1. Make sure that everyone on the project has a Google account (i.e. Gmail); completely free.

2. Have the project leader created a single main data spreadsheet on Google Docs, with all the desired data attributes (e.g. point name, coordinates, comments, additional data fields from the paper forms, etc.) and share a link to that spreadsheet with other project members so that they can edit it as well.

3. Project members can download data from their Garmin units using DNRGarmin, and then export the data from DNRGarmin in CSV format.

4. Load the data into the spreadsheet program of your choice, and add/edit data from data forms to make it conform to the data structure of the main Google Docs spreadsheet.

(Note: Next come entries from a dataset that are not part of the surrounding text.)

(* Let $\mathcal N$ be a network with a binary collision profile and character $D^*$. For every integer $T\ge\max(D^*,1)$, $\mathcal R^{(\mathcal M_T,\mathcal E_T)}\subseteq\mathcal R^{\mathcal N}$ (and hence, together with $\mathcal R^{\mathcal N}\subseteq\mathcal R^{(\mathcal M_T,\mathcal E_T)}$, equality holds).
   Context: A network is a triple $\mathcal N=(\mathcal L,\mathcal I,D_{\mathcal L})$ where $\mathcal L$ is a finite nonempty set of links, each $\mathcal I(l)$ is a collection of nonempty subsets of $\mathcal L$, and $D_{\mathcal L}$ assigns an integer $D_{\mathcal L}(l,l')$ to every pair with $l'\in\phi$ for some $\phi\in\mathcal I(l)$. The profile is binary if every $\phi\in\mathcal I(l)$ is a singleton. The character is $D^*=\max_{l}\max_{\phi\in\mathcal I(l)}\max_{l'\in\phi}|D_{\mathcal L}(l,l')|$ (0 if there are no collision sets). A schedule is a map $S:\mathcal L\times\mathbb Z\to\{0,1\}$; $S(l,t)$ has a collision if there is $\phi\in\mathcal I(l)$ with $S(l',t+D_{\mathcal L}(l,l'))=1$ for all $l'\in\phi$; $S$ is collision free if no $(l,t)$ with $S(l,t)=1$ has a collision. $R_S(l)=\lim_{T\to\infty}\frac1T\sum_{t=0}^{T-1}\iota\big(S(l,t)=1\text{ and collision free}\big)$ when it exists; $R_S=(R_S(l))_l$. A nonnegative vector $R\in[0,\infty)^{\mathcal L}$ is achievable if for every $\epsilon>0$ some schedule $S$ has a rate vector with $R_S(l)\ge R(l)-\epsilon$ for all $l$; $\mathcal R^{\mathcal N}$ is the set of achievable nonnegative vectors. $S[T,k]$ is the $|\mathcal L|\times T$ binary matrix with $S[T,k](l,j)=S(l,kT+j)$. The scheduling graph $(\mathcal M_T,\mathcal E_T)$ has vertex set $\mathcal M_T$ = all $|\mathcal L|\times T$ binary matrices $A$ with $A=S[T,0]$ for some collision-free schedule $S$, and edge set $\mathcal E_T$ = all pairs $(A,B)$ with $A=S[T,0]$, $B=S[T,1]$ for some collision-free $S$. A cycle is a sequence $(A_0,\dots,A_k)$, $k\ge1$, with $(A_i,A_{i+1})\in\mathcal E_T$, $A_k=A_0$, and $A_0,\dots,A_{k-1}$ pairwise distinct; its rate vector is $R_C=\frac{1}{kT}\sum_{i=0}^{k-1}A_i\mathbf 1$. $\mathcal R^{(\mathcal M_T,\mathcal E_T)}$ is the convex hull of the rate vectors of all cycles. *)

From HB Require Import structures.
From mathcomp Require Import all_boot all_order all_algebra.
From mathcomp Require Import all_classical all_reals all_analysis.
Set Implicit Arguments. Unset Strict Implicit. Unset Printing Implicit Defensive.
Import Order.TTheory GRing.Theory Num.Theory numFieldNormedType.Exports.
Local Open Scope ring_scope.
Local Open Scope classical_set_scope.

(* A network over a finite type of links L:
   coll l = the collection I(l) of (nonempty) collision sets of link l,
   delay l l' = D_L(l,l') (a total function; only values with l' in some
   phi in I(l) are ever used). *)
Record network (L : finType) := Network {
  coll : L -> {set {set L}} ;
  delay : L -> L -> int ;
  coll_nonempty : forall l phi, phi \in coll l -> phi != finset.set0 }.

Definition binary_profile (L : finType) (N : network L) : Prop :=
  forall l phi, phi \in coll N l -> #|phi| = 1%N.

(* character D^* (0 if there are no collision sets) *)
Definition character (L : finType) (N : network L) : nat :=
  \max_(l : L) \max_(phi in coll N l) \max_(l' in phi) `|delay N l l'|%N.

Definition schedule (L : finType) := L -> int -> bool.

Definition has_collision (L : finType) (N : network L) (S : schedule L)
  (l : L) (t : int) : bool :=
  [exists phi in coll N l, [forall l' in phi, S l' (t + delay N l l')]].

Definition collision_free (L : finType) (N : network L) (S : schedule L) : Prop :=
  forall l t, S l t -> ~~ has_collision N S l t.

Definition success (L : finType) (N : network L) (S : schedule L)
  (l : L) (t : int) : bool := S l t && ~~ has_collision N S l t.

Definition avg_success (R : realType) (L : finType) (N : network L)
  (S : schedule L) (l : L) (n : nat) : R :=
  (\sum_(t < n) ((success N S l (nat_of_ord t)%:Z : nat)%:R : R)) / n%:R.

Definition has_rate (R : realType) (L : finType) (N : network L)
  (S : schedule L) (l : L) (r : R) : Prop :=
  avg_success R N S l @ \oo --> r.

Definition achievable (R : realType) (L : finType) (N : network L)
  (Rv : L -> R) : Prop :=
  forall eps : R, 0 < eps -> exists S : schedule L,
    forall l, exists r, has_rate N S l r /\ Rv l - eps <= r.

Definition achievable_region (R : realType) (L : finType) (N : network L)
  : set (L -> R) :=
  [set Rv | (forall l, 0 <= Rv l) /\ achievable N Rv].

Definition bmat (L : finType) (T : nat) := {ffun L * 'I_T -> bool}.

Definition block (L : finType) (S : schedule L) (T k : nat) : bmat L T :=
  [ffun p : L * 'I_T => S p.1 ((k * T + nat_of_ord p.2)%N)%:Z].

Definition sg_vertex (L : finType) (N : network L) (T : nat) (A : bmat L T) : Prop :=
  exists S : schedule L, collision_free N S /\ block S T 0 = A.

Definition sg_edge (L : finType) (N : network L) (T : nat) (A B : bmat L T) : Prop :=
  exists S : schedule L, collision_free N S /\ block S T 0 = A /\ block S T 1 = B.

5. Copy the data cells in the spreadsheet program, and paste them into the main Google Docs spreadsheet. Note: Use Ctrl-C and Ctrl-V to copy and paste cells into Google Docs instead of using the Google Docs Edit menu to perform those operations, as the latter doesn’t seem to work for pasting data from different applications into Google Docs. You no longer have a single computer as a choke point for data entry; multiple people can add data to a spreadsheet at the same time, and Google Docs will coordinate data entry so that nothing is lost. And if you save the spreadsheet data from steps 3 and 4 as separate files, you’ll have backup copies of the original data as well.

For those who aren’t comfortable with working with spreadsheets, Google Docs lets you set up a “Form” to let anyone add data to a Google Docs spreadsheet directly; however, this increases the chances of coordinate data entry error.

6. Now that you have all the data centralized in Google Docs, you have lots of flexibility in how you can handle it:

  • Export the data in CSV format, and you can then import it into any GIS program that supports CSV data. If your GIS program doesn’t, use MapWindow to convert your CSV file into shapefile format first.
  • Unlike shapefile attribute tables, where adding/removing/re-ordering attribute data columns can be a pain, you can easily perform those operations in Google Docs and then re-export the data in CSV format.
  • Convert the data directly into a continuously-updated KML network link for display in Google Earth or Maps using Google’s Spreadsheet Mapper tool.
  • Use any of Google Docs built-in tools to analyze/plot/sort/visualize data, including their way-cool Fusion Tables.
  • And I’m sure there are more options I haven’t thought of.

Know an alternate approach? Have any additional ideas?  I welcome your links and suggestions in the Comments section below.